Haven't tried that approach yet but it may have the same effect.
Seq2sparse already has an option to set the number of reducers (-nr) it
was just not propagating to the vector-generation last stage. Would the
-D option override that option? Would it apply to all the hadoop jobs
spawned by seq2sparse? If so then they are probably equivalent.
On 5/19/10 7:10 PM, Drew Farris wrote:
Jeff,
Just curious, have you tried:
./bin/mahout seq2sparse -Dmapred.reduce.tasks=2 -i
./examples/bin/work/reuters-out-seqdir/ -o
./examples/bin/work/reuters-out-seqdir-sparse -wt tf -seq
The mahout script (MahoutDriver) allows arbitrary hadoop properties to be
specified via -D arguments which are handled iirc by the
GenericOptionsParser. Admittedly, I'm divided between 'add an explicit
argument/job parameter to handle it' vs. 'use hadoop built in properties'.
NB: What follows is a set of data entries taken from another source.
Lemma weight_incr rho h j : 0 < rho -> 0 < h ->
  weight rho h (j+1) - weight rho h j = h * gcut rho h j ^ 2.
Proof.
  intros Hr Hh. unfold weight.
  destruct (Z_le_gt_dec (cut_lo rho h) j) as [Hj|Hj].
  - replace (Z.to_nat (j + 1 - cut_lo rho h)) with (S (Z.to_nat (j - cut_lo rho h))) by lia.
    cbn [zsum]. replace (cut_lo rho h + Z.of_nat (Z.to_nat (j - cut_lo rho h)))%Z with j by lia.
    ring.
  - replace (Z.to_nat (j + 1 - cut_lo rho h)) with 0%nat by lia.
    replace (Z.to_nat (j - cut_lo rho h)) with 0%nat by lia.
    rewrite gcut_eq_0 by (auto; lia). simpl. ring.
Qed.

Lemma weight_bounds rho h j : 0 < rho -> 0 < h -> h <= 1 ->
  1 <= weight rho h j <= 2 * rho + 3.
Proof.
  intros Hr Hh H1. unfold weight.
  set (m := Z.to_nat (j - cut_lo rho h)).
  assert (0 <= zsum (cut_lo rho h) m (fun i => h * gcut rho h i ^ 2))
    by (apply zsum_ge0; intros; apply gcut_sq_bounds; auto).
  (* only the [2 n] nodes of the support of [g] contribute *)
  assert (zsum (cut_lo rho h) m (fun i => h * gcut rho h i ^ 2) <= h * INR (2 * cut_n rho h)).
  { apply Rle_trans with (zsum (cut_lo rho h) (2 * cut_n rho h + m) (fun i => h * gcut rho h i ^ 2)).
    - apply zsum_subwindow; [intros; apply gcut_sq_bounds; auto | lia | lia].
    - rewrite zsum_split, (zsum_ext (cut_lo rho h + Z.of_nat (2 * cut_n rho h)) m _ (fun _ => 0)).
      + rewrite zsum_const, Rmult_0_r, Rplus_0_r.
        apply Rle_trans with (zsum (cut_lo rho h) (2 * cut_n rho h) (fun _ => h)).
        * apply zsum_le. intros; apply gcut_sq_bounds; auto.
        * rewrite zsum_const. lra.
      + intros i Hi. rewrite gcut_eq_0; auto. ring. right. unfold cut_lo in Hi. lia. }
  destruct (cut_n_bounds rho h Hr Hh). rewrite mult_INR in *. simpl INR in *.
  split; nra.
Qed.

Lemma weight_incr_bounds rho h j : 0 < rho -> 0 < h ->
  0 <= weight rho h (j+1) - weight rho h j <= h.
Proof. intros. rewrite weight_incr by auto. apply gcut_sq_bounds; auto. Qed.

Lemma weight_incr_lipschitz rho h j : 0 < rho -> 0 < h ->
  Rabs ((weight rho h (j+1) - weight rho h j) - (weight rho h j - weight rho h (j + -1)))
  <= 2 * h^2.
Proof.
  intros Hr Hh. rewrite weight_incr by auto.
  replace j with ((j + -1) + 1)%Z at 2 by ring. rewrite weight_incr by auto.
  pose proof (gcut_lipschitz rho h (j + -1) Hh). replace (j + -1 + 1)%Z with j in * by ring.
  pose proof (cutoff_bounds rho (IZR j * h)). pose proof (cutoff_bounds rho (IZR (j + -1) * h)).
  unfold gcut in *.
  set (x := cutoff rho (IZR j * h)) in *. set (y := cutoff rho (IZR (j + -1) * h)) in *.
  replace (h * x ^ 2 - h * y ^ 2) with (h * ((x - y) * (x + y))) by ring.
  rewrite !Rabs_mult, (Rabs_right h), (Rabs_right (x+y)) by lra.
  assert (Rabs (x - y) * (x + y) <= h * 2) by (apply Rmult_le_compat; try lra; apply Rabs_pos).
  nra.
Qed.
Lemma diam_gt0 A y0 : (0 < n)%N -> open A -> A y0 -> ebounded A -> 0 < diam A.
Proof.
move=> n0 oA Ay0 Abd; have [d d0 dA] := open_cube oA Ay0.
pose i0 := Ordinal n0; pose y1 := y0 + (d / 2) *: delta_mx 0 i0.
have y1y0 i : y1 0 i - y0 0 i = (d / 2) * (i == i0)%:R.
  by rewrite !mxE eqxx addrC addKr.
have Ay1 : A y1.
  apply: dA => i; rewrite y1y0 normrM ger0_norm ?divr_ge0 ?ltW //.
  by case: (i == i0); rewrite ?normr1 ?normr0 ?mulr1 ?mulr0; lra.
apply: lt_le_trans (edist_le_diam Abd Ay1 Ay0).
apply: edist_gt0 => /(congr1 (fun z : 'rV[R]_n => z 0 i0)) /eqP.
by rewrite -subr_eq0 y1y0 eqxx mulr1; lra.
Qed.

End euclidean.

Section complex_modulus.
Local Open Scope complex_scope.
Variable R : realType.
Implicit Types (z w : R[i]) (a b t : R).

Lemma cnormE z : (cnorm z)%:C = `|z|.
Proof. by rewrite normc_def. Qed.

Lemma cnorm_ge0 z : 0 <= cnorm z.
Proof. exact: sqrtr_ge0. Qed.

Lemma cnormM z w : cnorm (z * w) = cnorm z * cnorm w.
Proof. by apply: complexI; rewrite rmorphM /= !cnormE normrM. Qed.

Lemma cnormD z w : cnorm (z + w) <= cnorm z + cnorm w.
Proof. by rewrite -lecR rmorphD /= !cnormE ler_normD. Qed.

Lemma cnorm_distC z w : cnorm (z - w) = cnorm (w - z).
Proof. by apply: complexI; rewrite !cnormE distrC. Qed.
The former are nice because it is an explicit acknowledgement of the ability
to set the number of reducers displayable via a -h method, but the latter
results in less code to maintain. In this vein, -Dmapred.min.split.size can
be tinkered with. Of course if GenericOptionsParser isn't involved in the
job setup this is all a moot point.
Also worth pointing out that either of these -D argument could be specified
in the lda.props (lda-reuters.props?) file too via something like 'DmyProp =
provalue'
Of course this doesn't really address the root problem however -- why LDA on
reuters is slow. How long is it taking to run?
Drew
On Wed, May 19, 2010 at 7:08 PM, Jeff Eastman<[email protected]>wrote:
On 5/19/10 3:19 PM, Jeff Eastman wrote:
I tried propagating numReducers into its makePartialVectors driver;
however, but a single reducer is still all I get. I need to figure out how
to tickle the elephant to give me more.
Note to self: Use a real elephant. Running Hadoop in Eclipse is great for
debugging but it does not launch multiple mappers or reducers. Running on a
single-host Hadoop cluster; however, does and the elephant is now dancing
nicely.
./bin/mahout seq2sparse -i ./examples/bin/work/reuters-out-seqdir/ -o
./examples/bin/work/reuters-out-seqdir-sparse -wt tf -seq -nr 2
now produces two input vector files for LDA to munch on. Now to try it on a
real cluster...